TASK DESCRIPTION: Retype the records below from their first line through the line containing "rewrite /partition /unif_cube_int", and include nothing else.

RECORDS FOR PROCESSING:
•••••
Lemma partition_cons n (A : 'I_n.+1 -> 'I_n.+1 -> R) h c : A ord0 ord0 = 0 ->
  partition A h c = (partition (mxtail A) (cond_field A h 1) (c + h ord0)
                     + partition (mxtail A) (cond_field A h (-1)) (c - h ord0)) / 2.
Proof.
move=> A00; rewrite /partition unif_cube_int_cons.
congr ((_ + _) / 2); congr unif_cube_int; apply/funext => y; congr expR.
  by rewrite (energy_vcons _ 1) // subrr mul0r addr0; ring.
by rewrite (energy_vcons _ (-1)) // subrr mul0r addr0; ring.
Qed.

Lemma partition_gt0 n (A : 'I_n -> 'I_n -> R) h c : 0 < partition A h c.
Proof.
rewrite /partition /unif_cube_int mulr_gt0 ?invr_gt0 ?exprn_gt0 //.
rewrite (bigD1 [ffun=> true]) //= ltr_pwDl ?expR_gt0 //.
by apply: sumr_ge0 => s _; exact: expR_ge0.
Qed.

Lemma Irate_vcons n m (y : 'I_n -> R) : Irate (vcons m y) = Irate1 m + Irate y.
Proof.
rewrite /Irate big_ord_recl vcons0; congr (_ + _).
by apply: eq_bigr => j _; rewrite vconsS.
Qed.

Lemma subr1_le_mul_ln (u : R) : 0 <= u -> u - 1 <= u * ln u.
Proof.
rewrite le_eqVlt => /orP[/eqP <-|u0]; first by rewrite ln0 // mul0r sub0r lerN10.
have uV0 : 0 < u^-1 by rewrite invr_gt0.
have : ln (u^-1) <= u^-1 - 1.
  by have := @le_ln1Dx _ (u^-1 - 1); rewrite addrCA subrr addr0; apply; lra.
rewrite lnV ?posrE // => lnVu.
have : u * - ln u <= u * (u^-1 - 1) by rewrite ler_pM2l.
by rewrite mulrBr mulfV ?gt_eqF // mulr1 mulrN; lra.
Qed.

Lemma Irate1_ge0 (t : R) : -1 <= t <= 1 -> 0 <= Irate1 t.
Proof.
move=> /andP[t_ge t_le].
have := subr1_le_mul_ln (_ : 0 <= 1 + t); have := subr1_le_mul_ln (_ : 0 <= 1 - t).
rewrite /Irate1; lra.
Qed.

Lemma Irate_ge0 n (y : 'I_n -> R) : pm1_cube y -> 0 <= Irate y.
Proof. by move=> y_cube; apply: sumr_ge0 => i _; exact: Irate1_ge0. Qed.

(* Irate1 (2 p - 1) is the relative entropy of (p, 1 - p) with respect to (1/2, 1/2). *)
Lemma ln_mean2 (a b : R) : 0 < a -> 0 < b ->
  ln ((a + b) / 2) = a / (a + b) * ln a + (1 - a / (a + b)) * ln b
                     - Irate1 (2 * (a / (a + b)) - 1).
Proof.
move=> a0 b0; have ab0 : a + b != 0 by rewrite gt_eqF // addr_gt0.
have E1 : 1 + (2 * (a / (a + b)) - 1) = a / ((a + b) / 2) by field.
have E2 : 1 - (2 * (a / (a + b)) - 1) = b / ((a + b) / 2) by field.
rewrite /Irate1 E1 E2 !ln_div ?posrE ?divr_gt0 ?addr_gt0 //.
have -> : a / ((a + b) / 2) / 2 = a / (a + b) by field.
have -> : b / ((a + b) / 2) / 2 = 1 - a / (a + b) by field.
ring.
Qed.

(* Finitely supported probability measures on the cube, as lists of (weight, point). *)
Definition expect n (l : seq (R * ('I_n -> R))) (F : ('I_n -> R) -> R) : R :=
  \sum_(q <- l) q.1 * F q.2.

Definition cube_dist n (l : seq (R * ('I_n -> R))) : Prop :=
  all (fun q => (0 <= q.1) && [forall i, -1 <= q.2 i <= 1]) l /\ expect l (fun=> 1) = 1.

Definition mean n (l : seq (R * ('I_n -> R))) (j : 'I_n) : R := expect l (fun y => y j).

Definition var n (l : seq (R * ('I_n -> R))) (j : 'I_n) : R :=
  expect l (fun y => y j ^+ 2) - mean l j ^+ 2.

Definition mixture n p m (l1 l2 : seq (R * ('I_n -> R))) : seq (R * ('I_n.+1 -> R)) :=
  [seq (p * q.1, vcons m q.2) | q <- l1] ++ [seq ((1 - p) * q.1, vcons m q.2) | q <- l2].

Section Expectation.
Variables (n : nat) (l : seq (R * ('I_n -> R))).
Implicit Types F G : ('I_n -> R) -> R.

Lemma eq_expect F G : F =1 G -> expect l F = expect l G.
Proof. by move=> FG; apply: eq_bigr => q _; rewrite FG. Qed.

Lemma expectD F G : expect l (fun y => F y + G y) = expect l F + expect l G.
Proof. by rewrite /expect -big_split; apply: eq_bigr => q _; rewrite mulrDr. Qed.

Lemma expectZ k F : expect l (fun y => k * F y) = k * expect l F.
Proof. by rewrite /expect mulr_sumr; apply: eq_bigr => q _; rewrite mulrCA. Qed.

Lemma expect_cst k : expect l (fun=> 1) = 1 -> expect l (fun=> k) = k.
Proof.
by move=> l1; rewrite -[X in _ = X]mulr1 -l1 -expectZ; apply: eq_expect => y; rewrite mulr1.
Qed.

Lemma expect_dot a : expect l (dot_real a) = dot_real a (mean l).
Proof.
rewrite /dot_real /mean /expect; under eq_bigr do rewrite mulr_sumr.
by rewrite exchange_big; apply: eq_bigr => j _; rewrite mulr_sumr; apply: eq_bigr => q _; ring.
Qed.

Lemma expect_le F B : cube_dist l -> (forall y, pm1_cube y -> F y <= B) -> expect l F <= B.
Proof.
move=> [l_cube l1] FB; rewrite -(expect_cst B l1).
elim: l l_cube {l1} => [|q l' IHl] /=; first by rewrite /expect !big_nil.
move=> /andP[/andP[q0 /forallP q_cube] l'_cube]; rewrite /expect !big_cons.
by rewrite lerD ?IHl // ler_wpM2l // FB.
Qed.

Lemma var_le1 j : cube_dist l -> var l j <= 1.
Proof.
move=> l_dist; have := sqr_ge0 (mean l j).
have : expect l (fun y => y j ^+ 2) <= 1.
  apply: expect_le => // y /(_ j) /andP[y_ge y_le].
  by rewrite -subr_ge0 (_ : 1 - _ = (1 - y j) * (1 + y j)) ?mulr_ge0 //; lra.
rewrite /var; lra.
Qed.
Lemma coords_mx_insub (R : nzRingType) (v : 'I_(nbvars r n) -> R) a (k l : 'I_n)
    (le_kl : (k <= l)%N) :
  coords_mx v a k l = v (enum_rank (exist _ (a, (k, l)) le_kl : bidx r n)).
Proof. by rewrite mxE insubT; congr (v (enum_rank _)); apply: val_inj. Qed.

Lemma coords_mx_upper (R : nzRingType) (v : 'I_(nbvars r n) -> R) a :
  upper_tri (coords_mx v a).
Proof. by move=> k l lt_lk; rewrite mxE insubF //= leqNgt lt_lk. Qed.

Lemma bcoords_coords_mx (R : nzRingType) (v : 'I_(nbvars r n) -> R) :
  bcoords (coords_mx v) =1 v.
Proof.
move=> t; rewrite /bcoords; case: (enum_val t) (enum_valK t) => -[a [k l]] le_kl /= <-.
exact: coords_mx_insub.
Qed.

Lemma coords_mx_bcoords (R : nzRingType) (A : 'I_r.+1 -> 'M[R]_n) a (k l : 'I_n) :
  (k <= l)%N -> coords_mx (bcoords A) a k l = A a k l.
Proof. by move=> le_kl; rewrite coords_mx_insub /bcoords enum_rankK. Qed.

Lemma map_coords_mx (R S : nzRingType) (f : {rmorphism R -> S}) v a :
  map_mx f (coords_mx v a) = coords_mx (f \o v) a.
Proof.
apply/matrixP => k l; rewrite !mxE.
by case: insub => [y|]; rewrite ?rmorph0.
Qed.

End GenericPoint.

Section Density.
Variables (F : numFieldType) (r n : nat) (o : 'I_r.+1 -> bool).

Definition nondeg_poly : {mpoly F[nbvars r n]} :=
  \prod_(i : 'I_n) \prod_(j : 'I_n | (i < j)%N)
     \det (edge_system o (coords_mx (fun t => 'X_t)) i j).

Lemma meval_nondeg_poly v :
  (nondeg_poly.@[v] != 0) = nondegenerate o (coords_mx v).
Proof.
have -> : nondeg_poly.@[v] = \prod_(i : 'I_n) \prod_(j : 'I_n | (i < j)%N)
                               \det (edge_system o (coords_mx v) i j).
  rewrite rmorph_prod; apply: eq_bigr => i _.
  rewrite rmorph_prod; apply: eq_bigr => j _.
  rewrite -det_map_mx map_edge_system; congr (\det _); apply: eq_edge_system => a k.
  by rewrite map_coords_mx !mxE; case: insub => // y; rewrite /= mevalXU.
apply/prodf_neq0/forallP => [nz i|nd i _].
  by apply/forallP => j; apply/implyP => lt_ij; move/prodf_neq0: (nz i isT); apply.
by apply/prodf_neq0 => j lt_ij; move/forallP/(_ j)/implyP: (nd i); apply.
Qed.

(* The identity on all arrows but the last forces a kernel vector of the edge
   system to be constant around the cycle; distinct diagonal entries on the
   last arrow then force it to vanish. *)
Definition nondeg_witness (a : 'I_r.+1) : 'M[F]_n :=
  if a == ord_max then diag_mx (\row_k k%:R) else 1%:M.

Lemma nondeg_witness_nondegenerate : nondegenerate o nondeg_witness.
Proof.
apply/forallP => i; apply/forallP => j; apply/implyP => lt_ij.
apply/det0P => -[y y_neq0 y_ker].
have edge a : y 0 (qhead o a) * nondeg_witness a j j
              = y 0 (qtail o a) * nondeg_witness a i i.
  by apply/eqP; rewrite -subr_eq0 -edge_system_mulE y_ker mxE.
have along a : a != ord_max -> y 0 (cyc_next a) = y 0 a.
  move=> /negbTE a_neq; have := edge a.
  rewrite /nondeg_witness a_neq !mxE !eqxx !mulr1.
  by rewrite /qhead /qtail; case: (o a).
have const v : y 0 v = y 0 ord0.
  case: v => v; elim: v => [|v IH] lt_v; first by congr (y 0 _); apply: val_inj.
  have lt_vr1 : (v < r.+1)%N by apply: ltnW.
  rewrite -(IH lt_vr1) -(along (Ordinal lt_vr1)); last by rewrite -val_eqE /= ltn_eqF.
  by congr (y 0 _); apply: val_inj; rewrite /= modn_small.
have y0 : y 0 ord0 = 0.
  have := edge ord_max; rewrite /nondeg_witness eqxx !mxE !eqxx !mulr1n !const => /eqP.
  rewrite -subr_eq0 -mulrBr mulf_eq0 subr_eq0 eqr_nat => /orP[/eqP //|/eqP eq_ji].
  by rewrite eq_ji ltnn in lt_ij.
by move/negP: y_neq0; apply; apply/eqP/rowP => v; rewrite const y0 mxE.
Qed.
•••••
TASK OUTPUT:
Lemma partition_cons n (A : 'I_n.+1 -> 'I_n.+1 -> R) h c : A ord0 ord0 = 0 ->
  partition A h c = (partition (mxtail A) (cond_field A h 1) (c + h ord0)
                     + partition (mxtail A) (cond_field A h (-1)) (c - h ord0)) / 2.
Proof.
move=> A00; rewrite /partition unif_cube_int_cons.
congr ((_ + _) / 2); congr unif_cube_int; apply/funext => y; congr expR.
  by rewrite (energy_vcons _ 1) // subrr mul0r addr0; ring.
by rewrite (energy_vcons _ (-1)) // subrr mul0r addr0; ring.
Qed.

Lemma partition_gt0 n (A : 'I_n -> 'I_n -> R) h c : 0 < partition A h c.
Proof.
rewrite /partition /unif_cube_int mulr_gt0 ?invr_gt0 ?exprn_gt0 //.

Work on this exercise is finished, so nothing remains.